Is there a risk, with diminished security, that someone will take advantage of the opportunity and kill people? Yes. Let us keep things in perspective though. On 9/11 nearly 3,000 people were killed but untold generations of people have fought and died to establish the civil liberties we have - the cornerstone of our society. In World War II alone 60 million people died to save the west from tyranny and hate. If we give up our civil liberties, our basic freedoms to protect ourselves from terrorism we do a great disservice to the memory of the 3,000 that died on 9/11, the 60 million who died in WWII and untold millions more who have given their lives in war and in political movements over hundreds of years.

As it did during the era of slavery in the US, during WWI and WWII, in the creation of the UN and peacekeeping Canada must lead the way and say that in Canada while compromises will always be made between freedom and public safety that our basic civil liberties, guaranteed under the hard won Charter of Rights and Freedoms will not be set aside for any event, regardless of it's importance for diplomacy or tourism. That is the attitude that has made Canada great and it is our only way forward short of sacrificing everything that Canada is and everything that has drawn people here from every corner of the globe.

We may never know exactly what happened at the G20. Politicians at all levels of government seem adamantly opposed to answering questions about it. Even if there is a public inquiry it is doubtful whether the answers we get will be full, complete and honest. That does not stop us though from drawing some conclusions about the G20 and looking for ways to prevent it from happening again.

Before the G20 happened, when it was announced that the McGuinty Government had used a WWII anti sabotage law, the Public Works Protection Act, to extend police powers for the G20 I created a Facebook group "Torontonians Against Martial Law" as a reaction against it. Because the next event, whatever it may be, may not be in Toronto I am changing the name of that group to the Canadian Coalition for the Defence of Civil Liberties.

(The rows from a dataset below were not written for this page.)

(* Let $s,m$ be positive integers with $n=sm$ odd, and let $k$ be a positive integer with $\gcd(n,k)=1$. Fix $\alpha\in\mathbb{F}_{2^s}\setminus\{0\}$ and let \[ G(x)=x^{2^k+1}+\alpha+\alpha(x^{2^s}+x)^{2^n-1}=\begin{cases}x^{2^k+1}+\alpha, & x\in\mathbb{F}_{2^s},\\ x^{2^k+1}, & x\notin\mathbb{F}_{2^s},\end{cases} \] as a function $\mathbb{F}_{2^n}\to\mathbb{F}_{2^n}$. Then $\delta_{G,c}\leq 6$ for every $c\in\mathbb{F}_{2^s}\setminus\{1\}$. Moreover, if $3\nmid m$, then $\delta_{G,c}\leq 5$ for every $c\in\mathbb{F}_{2^s}\setminus\{1\}$.
   Context: For $F:\mathbb{F}_{2^n}\to\mathbb{F}_{2^n}$ and $c\in\mathbb{F}_{2^n}$, let ${}_c\Delta_F(a,b)=\#\{x\in\mathbb{F}_{2^n}: F(x+a)-cF(x)=b\}$ and the $c$-differential uniformity is $\delta_{F,c}=\max\{{}_c\Delta_F(a,b): a,b\in\mathbb{F}_{2^n},\ a\neq 0\text{ if } c=1\}$. *)

From HB Require Import structures.
From mathcomp Require Import all_boot all_order all_algebra all_field.
Set Implicit Arguments. Unset Strict Implicit. Unset Printing Implicit Defensive.
Import GRing.Theory.
Local Open Scope ring_scope.

(* Membership in the subfield F_{2^s} of F (a finite field of char 2):
   x lies in F_{2^s} iff x^(2^s) = x. *)
Definition in_sub (F : finFieldType) (s : nat) (x : F) : bool :=
  x ^+ (2 ^ s) == x.

Definition cDelta (F : finFieldType) (f : F -> F) (c a b : F) : nat :=
  #|[set x : F | f (x + a) - c * f x == b]|.

Definition cDU (F : finFieldType) (f : F -> F) (c : F) : nat :=
  \max_(ab : F * F | (c != 1) || (ab.1 != 0)) cDelta f c ab.1 ab.2.

Definition Gfun (F : finFieldType) (n s k : nat) (alpha : F) (x : F) : F :=
  x ^+ (2 ^ k + 1) + alpha + alpha * (x ^+ (2 ^ s) + x) ^+ (2 ^ n - 1).

From HB Require Import structures.
From mathcomp Require Import all_boot all_order all_algebra all_field.
From mathcomp Require Import ring.

Set Implicit Arguments.
Unset Strict Implicit.
Unset Printing Implicit Defensive.

Import GRing.Theory.
Local Open Scope ring_scope.

(* Write K = F_(2^s) and P(x) = (x + a)^(2^k+1) + c x^(2^k+1).  Depending on
   whether x and x + a lie in K, the equation G(x + a) - c G(x) = b reads
   P(x) = b' for a constant b' determined by b, alpha and c.  For c <> 1 such
   a Gold equation has at most three roots: fixing a root x0 and putting
   x = x0 + 1/w gives an affine equation d + A w + B w^(2^k) = 0, whose roots
   differ by roots of A X + B X^(2^k); two nonzero roots of the latter have a
   ratio fixed by x |-> x^(2^k), hence in F_2 as gcd(k, n) = 1.
   If a is in K there are two pieces, hence at most 6 roots.  If moreover
   3 does not divide m, the Frobenius x |-> x^(2^s) permutes the roots of
   P(x) = b' for b' in K, and a root outside K would have at least 4 distinct
   conjugates (gcd(d, m) = 1 for d <= 3); so only one piece contributes.
   If a is not in K, the pieces x in K and x + a in K contribute at most one
   root each: u |-> c1 (u + a)^(2^k+1) + c2 u^(2^k+1) is injective on K, as
   applying the Frobenius and subtracting leaves w^(2^k) e = w e^(2^k) with
   w = u - v in K and e = a - a^(2^s) outside K.  This gives 1 + 1 + 3. *)

Lemma card_le_succ (T : finType) (A : {set T}) n :
  (forall x, x \in A -> #|A :\ x| <= n)%N -> (#|A| <= n.+1)%N.
Proof.
case: (set_0Vmem A) => [-> _ | [x xA] le_n]; first by rewrite cards0.
by rewrite (cardsD1 x) xA add1n ltnS le_n.
Qed.

Section PowerFixedPoints.
Variables (R : pzSemiRingType) (p : nat) (x : R).

Lemma expr_pow_fixedM i a : x ^+ (p ^ i) = x -> x ^+ (p ^ (i * a)) = x.
Proof.
move=> fx; elim: a => [|a IHa]; first by rewrite muln0 expr1.
by rewrite mulnS expnD exprM fx IHa.
Qed.

Lemma expr_pow_fixed_gcd i j : (0 < i)%N ->
  x ^+ (p ^ i) = x -> x ^+ (p ^ j) = x -> x ^+ (p ^ gcdn i j) = x.
Proof.
move=> i_gt0 fxi fxj; have [a _ /dvdnP[b def_b]] := Bezoutl j i_gt0.
have <- : x ^+ (p ^ (a * j + gcdn i j)) = x ^+ (p ^ gcdn i j).
  by rewrite expnD exprM mulnC (expr_pow_fixedM _ fxj).
by rewrite addnC def_b mulnC (expr_pow_fixedM _ fxi).
Qed.

End PowerFixedPoints.

Section CharTwo.
Variables (R : comNzRingType) (k : nat).
Hypothesis pcharR2 : 2 \in [pchar R].

Lemma exprD_pow2 j (x y : R) : (x + y) ^+ (2 ^ j) = x ^+ (2 ^ j) + y ^+ (2 ^ j).
Proof.
by apply: exprDn_pchar; rewrite (eq_pnat _ (pcharf_eq pcharR2)) pnatX pnat_id.
Qed.

Lemma exprB_pow2 j (x y : R) : (x - y) ^+ (2 ^ j) = x ^+ (2 ^ j) - y ^+ (2 ^ j).
Proof. by rewrite !(oppr_pchar2 pcharR2) exprD_pow2. Qed.

Definition gold (x : R) := x ^+ (2 ^ k + 1).

(* [gold (x + a) - c * gold x], written with a plus sign (characteristic 2). *)
Definition gold_cdiff (a c x : R) := gold (x + a) + c * gold x.

Lemma goldE x : gold x = x ^+ (2 ^ k) * x.
Proof. by rewrite /gold addn1 exprSr. Qed.

Lemma gold_exprAC j x : gold x ^+ j = gold (x ^+ j).
Proof. exact: exprAC. Qed.

Lemma goldD x y :
  gold (x + y) = gold x + x ^+ (2 ^ k) * y + x * y ^+ (2 ^ k) + gold y.
Proof. by rewrite !goldE exprD_pow2; ring. Qed.

Lemma gold_cdiff_shift a c x0 z : gold_cdiff a c (x0 + z) = gold_cdiff a c x0 +
  ((1 + c) * gold z + (x0 + a + c * x0) * z ^+ (2 ^ k)
    + ((x0 + a) ^+ (2 ^ k) + c * x0 ^+ (2 ^ k)) * z).
Proof. by rewrite /gold_cdiff addrAC !goldD; ring. Qed.

End CharTwo.

Lemma expr_pow2_inj (R : idomainType) j : 2 \in [pchar R] ->
  injective (fun x : R => x ^+ (2 ^ j)).
Proof.
move=> pcharR2 x y /= e; apply/eqP; rewrite -subr_eq0 oppr_pchar2 //.
have : (x + y) ^+ (2 ^ j) == 0 by rewrite exprD_pow2 // e addrr_pchar2.
by rewrite expf_eq0 => /andP[].
Qed.

Section FiniteFieldCharTwo.
Variables (F : finFieldType) (n : nat).
Hypothesis cardF : #|F| = (2 ^ n)%N.

Let pcharF2 : 2 \in [pchar F] := card_finPcharP cardF (isT : prime 2).

Lemma card_pow2_exp_gt0 : (0 < n)%N.
Proof. by move: (finNzRing_gt1 F); rewrite cardF; case: (n). Qed.

Lemma expf_card_pow2 (x : F) : x ^+ (2 ^ n) = x.
Proof. by rewrite -cardF expf_card. Qed.

Lemma expf_card_pow2_subn1 (x : F) : x ^+ (2 ^ n - 1) = (x != 0)%:R.
Proof.
have [-> | x_n0] := eqVneq x 0.
  by rewrite expr0n subn_eq0 leqNgt -cardF finNzRing_gt1.
by apply: (mulfI x_n0); rewrite -exprS subn1 prednK ?expn_gt0 // expf_card_pow2 mulr1.
Qed.

Lemma expr_pow2_fixed_coprime j (x : F) : coprime n j ->
  x ^+ (2 ^ j) = x -> (x == 0) || (x == 1).
Proof.
move=> co_nj fx.
have := expr_pow_fixed_gcd card_pow2_exp_gt0 (expf_card_pow2 x) fx.
rewrite (eqP co_nj) expn1 => x2.
by rewrite -[x == 1]subr_eq0 -mulf_eq0 mulrBr mulr1 -expr2 x2 subrr.
Qed.

Section GoldExponent.
Variable k : nat.
Hypothesis coprime_nk : coprime n k.

Lemma gold_ratio_eq (u v : F) : u != 0 -> v != 0 ->
  u ^+ (2 ^ k) * v = u * v ^+ (2 ^ k) -> u = v.
Proof.
move=> u_n0 v_n0 e; apply: divr1_eq.
have fixed : (u / v) ^+ (2 ^ k) = u / v.
  by apply/eqP; rewrite expr_div_n eqr_div ?expf_neq0 // e.
have /orP[/eqP uv0 | /eqP //] := expr_pow2_fixed_coprime coprime_nk fixed.
by move/eqP: uv0; rewrite mulf_eq0 invr_eq0 (negPf u_n0) (negPf v_n0).
Qed.

Lemma gold_kernel_le1 (A B : F) : (A != 0) || (B != 0) ->
  (#|[set u : F | u != 0 & A * u + B * u ^+ (2 ^ k) == 0]%R| <= 1)%N.
Proof.
move=> AB; apply/card_le1_eqP => v u; rewrite !inE.
move=> /andP[v_n0 /eqP kv] /andP[u_n0 /eqP ku].
have B_n0 : B != 0.
  apply: contraTneq AB => B0; move/eqP: ku; rewrite B0 mul0r addr0 mulf_eq0.
  by rewrite (negPf u_n0) orbF => /eqP ->; rewrite eqxx.
have Bu : B * u ^+ (2 ^ k) = - (A * u) by apply/eqP; rewrite -addr_eq0 addrC ku.
have Bv : B * v ^+ (2 ^ k) = - (A * v) by apply/eqP; rewrite -addr_eq0 addrC kv.
apply: (gold_ratio_eq u_n0 v_n0); apply: (mulfI B_n0).
by rewrite [LHS]mulrA Bu [RHS]mulrCA Bv; ring.
Qed.

Lemma affine_gold_roots_le2 (d A B : F) : d != 0 ->
  (#|[set w : F | d + A * w + B * w ^+ (2 ^ k) == 0]%R| <= 2)%N.
Proof.
move=> d_n0; apply: card_le_succ => w1; rewrite inE => /eqP root_w1.
have AB : (A != 0) || (B != 0).
  by apply: contra_neqT d_n0; rewrite negb_or !negbK => /andP[/eqP A0 /eqP B0];
    rewrite -root_w1 A0 B0 !mul0r !addr0.
apply: (leq_trans _ (gold_kernel_le1 AB)).
apply: (leq_trans _ (leq_imset_card (fun u => u + w1) _)).
apply/subset_leq_card/subsetP => w; rewrite !inE => /andP[w_w1 /eqP root_w].
apply/imsetP; exists (w - w1); last by rewrite subrK.
rewrite inE subr_eq0 w_w1 /= exprB_pow2 //; apply/eqP.
transitivity ((d + A * w + B * w ^+ (2 ^ k)) - (d + A * w1 + B * w1 ^+ (2 ^ k))).
  by ring.
by rewrite root_w root_w1 subrr.
Qed.

Lemma gold_cdiff_roots_le3 (a c b : F) : c != 1 ->
  (#|[set x : F | gold_cdiff k a c x == b]%R| <= 3)%N.
Proof.
move=> c_n1; apply: card_le_succ => x0; rewrite inE => /eqP root_x0.
set A := x0 + a + c * x0; set B := (x0 + a) ^+ (2 ^ k) + c * x0 ^+ (2 ^ k).
have c1_n0 : 1 + c != 0 by rewrite -[c](oppr_pchar2 pcharF2) subr_eq0 eq_sym.
apply: (leq_trans _ (affine_gold_roots_le2 A B c1_n0)).
apply: (leq_trans _ (leq_imset_card (fun w => w^-1 + x0) _)).
apply/subset_leq_card/subsetP => x; rewrite !inE => /andP[x_x0 /eqP root_x].
apply/imsetP; exists (x - x0)^-1; last by rewrite invrK subrK.
have z_n0 : x - x0 != 0 by rewrite subr_eq0.
have : (1 + c) * gold k (x - x0) + A * (x - x0) ^+ (2 ^ k) + B * (x - x0) = 0.
  apply: (addrI b); rewrite addr0 -{1}root_x0 -gold_cdiff_shift //.
  by rewrite subrKC root_x.
rewrite inE goldE exprVn; move: (x - x0) z_n0 => z z_n0 E.
have zq_n0 : z ^+ (2 ^ k) != 0 by rewrite expf_neq0.
apply/eqP; rewrite -(mul0r ((z ^+ (2 ^ k))^-1 * z^-1)) -E.
by move: (z ^+ (2 ^ k)) zq_n0 => Z Z_n0; field; rewrite Z_n0 z_n0.
Qed.

Hypothesis odd_n : odd n.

The Coalition, will be asking all governments, Federal, provincial and local to pass laws that reinforce the charter by placing reasonable restrictions on police and security forces. The goal is not to attack police or to create additional security threats but to create clear lines of communication, to ensure transparency and accountability and to make it illegal to give police orders which ask them to jeopardize civil rights or do anything which may jeopardize their personal careers or damage the vital relationship between police and the public.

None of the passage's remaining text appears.